Researchers from the Walter and Eliza Hall Institute have found a structural surprise in a type of protein that encourages cell survival, raising interesting questions about how the proteins function to influence programmed cell death.
Programmed cell death, or apoptosis, is a natural process in which cells are instructed to die by members of the Bcl-2 family of proteins. It is important for controlling cell numbers and destroying defective or unwanted cells, but is also involved in the development of some cancers such as leukaemia and breast cancer in which the cells have an oversupply of pro-survival proteins, resisting signals that tell them to die.
Dr Doug Fairlie, Dr Erinna Lee, and Professor Peter Colman from the institute’s Structural Biology division have shown that a pro-survival protein called Bcl-w can adopt a surprising structure unlike that seen in any other Bcl-2 family protein to date. The results were published today in the journal Structure.

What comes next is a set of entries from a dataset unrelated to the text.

Lemma tupdate_kolmogorov_le {R : realType} {l} (Q : probability (l.-tuple R) R)
    (k : 'I_l) (nu1 nu2 : probability R R) (xi : R) (E : set (l.-tuple R)) :
  kolmogorov_dist nu1 nu2 <= xi%:E -> measurable E -> single_intersecting E ->
  (Q \x nu1) (tupdate k @^-1` E) <=
    (Q \x nu2) (tupdate k @^-1` E) + (2 * xi)%:E.
Proof.
move=> nu12 mE EI; apply: product_measure1_le.
- by rewrite mulr_ge0// (kolmogorov_dist_ub_ge0 nu12).
- by rewrite -[X in measurable X]setTI; exact: measurable_tupdate.
- move=> x; have [lo [hi ->]] := single_intersecting_xsection _ k x EI.
  exact: kolmogorov_le_interval nu12.
Qed.

Lemma fine_dist_le {R : realDomainType} (a b : \bar R) (c : R) :
  a \is a fin_num -> b \is a fin_num ->
  a <= b + c%:E -> b <= a + c%:E -> (`|fine a - fine b| <= c)%R.
Proof.
move=> /fineK <- /fineK <-; rewrite -!EFinD !lee_fin /= => ab ba.
by rewrite ler_norml; apply/andP; split; lra.
Qed.

Lemma telescope_dist_le {R : numDomainType} (f : nat -> R) (c : R) (n : nat) :
  (forall k, (k < n)%N -> `|f k.+1 - f k| <= c)%R ->
  (`|f n - f 0| <= c * n%:R)%R.
Proof.
elim: n => [|n IH] fc; first by rewrite subrr normr0 mulr0.
rewrite (le_trans (ler_distD (f n) _ _))// -natr1 mulrDr mulr1 addrC lerD//.
- by apply: IH => k kn; apply: fc; exact: ltnW.
- exact: fc.
Qed.

Section hybrid.
Context {R : realType} {l : nat} {D Dh : 'I_l -> probability R R}
  {P Ph : probability (l.-tuple R) R}.
Hypotheses (PD : is_product_prob D P) (PhDh : is_product_prob Dh Ph).

Definition hybrid (k : nat) : probability (l.-tuple R) R :=
  distribution (P \x Ph) (tmix k).

Let hybrid_product k :
  is_product_prob (fun i => if (i < k)%N then D i else Dh i) (hybrid k).
Proof. exact: product_prob_tmix. Qed.

Lemma hybrid0 E : measurable E -> hybrid 0 E = Ph E.
Proof.
move=> mE; apply: product_prob_unique (hybrid_product 0) _ _ mE.
by rewrite (_ : (fun i => _) = Dh)//; apply/funext.
Qed.

Lemma hybrid_last E : measurable E -> hybrid l E = P E.
Proof.
move=> mE; apply: product_prob_unique (hybrid_product l) _ _ mE.
by rewrite (_ : (fun i => _) = D)//; apply/funext => i; rewrite ltn_ord.
Qed.

Lemma hybrid_step_le (xi : R) (k : 'I_l) E :
  kolmogorov_dist (D k) (Dh k) <= xi%:E ->
  measurable E -> single_intersecting E ->
  (`|fine (hybrid k.+1 E) - fine (hybrid k E)| <= 2 * xi)%R.
Proof.
move=> Dk mE EI.
pose Q (nu : probability R R) : probability (l.-tuple R) R :=
  distribution (hybrid k \x nu) (tupdate k).
have HS : hybrid k.+1 E = Q (D k) E.
  apply: product_prob_unique (hybrid_product k.+1) _ _ mE.
  suff -> : (fun i : 'I_l => if (i < k.+1)%N then D i else Dh i) =
      (fun i => if i == k then D k else if (i < k)%N then D i else Dh i).
    exact: product_prob_tupdate.
  apply/funext => i; case: (eqVneq i k) => [->|/negbTE ik].
    by rewrite ltnSn ?eqxx.
  by rewrite ltnS leq_eqVlt val_eqE ik.
have H : hybrid k E = Q (Dh k) E.
  apply: product_prob_unique (hybrid_product k) _ _ mE.
  suff -> : (fun i : 'I_l => if (i < k)%N then D i else Dh i) =
      (fun i => if i == k then Dh k else if (i < k)%N then D i else Dh i).
    exact: product_prob_tupdate.
  by apply/funext => i; case: eqP => [->|]; rewrite ?ltnn.
apply: fine_dist_le; rewrite ?fin_num_measure// HS H.
- exact: tupdate_kolmogorov_le.
- by apply: tupdate_kolmogorov_le => //; rewrite kolmogorov_distC.
Qed.

End hybrid.
Arguments hybrid {R l} P Ph k.

Theorem mainTheorem18 (R : realType) (l : nat) (xi : R)
    (D Dh : 'I_l -> probability R R)
    (P Ph : probability (l.-tuple R) R) :
  is_product_prob D P -> is_product_prob Dh Ph ->
  (forall i, kolmogorov_dist (D i) (Dh i) <= xi%:E) ->
  forall E : set (l.-tuple R), measurable E -> single_intersecting E ->
    `|P E - Ph E| <= (2 * xi * l%:R)%:E.
Proof.
move=> PD PhDh DDh E mE EI.
have := telescope_dist_le (fun k => fine (hybrid P Ph k E)) (2 * xi) l.
rewrite (hybrid_last PD PhDh)// (hybrid0 PD PhDh)// -lee_fin -abse_EFin.
rewrite EFinB !fineK ?fin_num_measure//; apply=> k kl.
exact: hybrid_step_le PD PhDh xi (Ordinal kl) E (DDh _) mE EI.
Qed.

“We determined the structure of an unusual form of Bcl-w, a pro-survival protein discovered here at the institute,” Dr Fairlie said. “Unexpectedly, we found that, structurally, Bcl-w was able to change its shape significantly. Such a change had not previously been reported for the pro-survival proteins.”
Researchers at the institute have spent many years studying the proteins involved in programmed cell death. Programmed cell death is controlled by pro-survival molecules, which stop cells from dying, and pro-death molecules, which instruct cells to die.
“It is well known, from biochemical analyses, that these proteins have to change shape in order to function, but we don’t know how that shape change occurs or what it looks like,” Dr Fairlie said. “A number of our structural biologists are working on solving this particular problem.”
Dr Lee said the research team was able to show that, with respect to Bcl-w at least, some of these shape changes can affect the protein’s function, perhaps in a negative way.
“It could be a way of regulating what these proteins do within a cell, or it could be an inherent structural difference particular to the Bcl-w protein that makes it behave slightly differently to other pro-survival proteins,” she said. “We’re still trying to understand exactly what that means for the field.”
Dr Fairlie said the research gave some idea of the types of changes these proteins can undergo, something that is not well understood. “Bcl-w is an interesting case because it does not seem to be associated with tumour growth and resilience to chemotherapy agents to the same extent as other pro-survival proteins. It may be that Bcl-w, unlike other Bcl-2 proteins and demonstrated in our structure, has evolved an inherent structural flexibility that restricts its pro-survival activity, which could explain why it is not often implicated in tumour development,” he said.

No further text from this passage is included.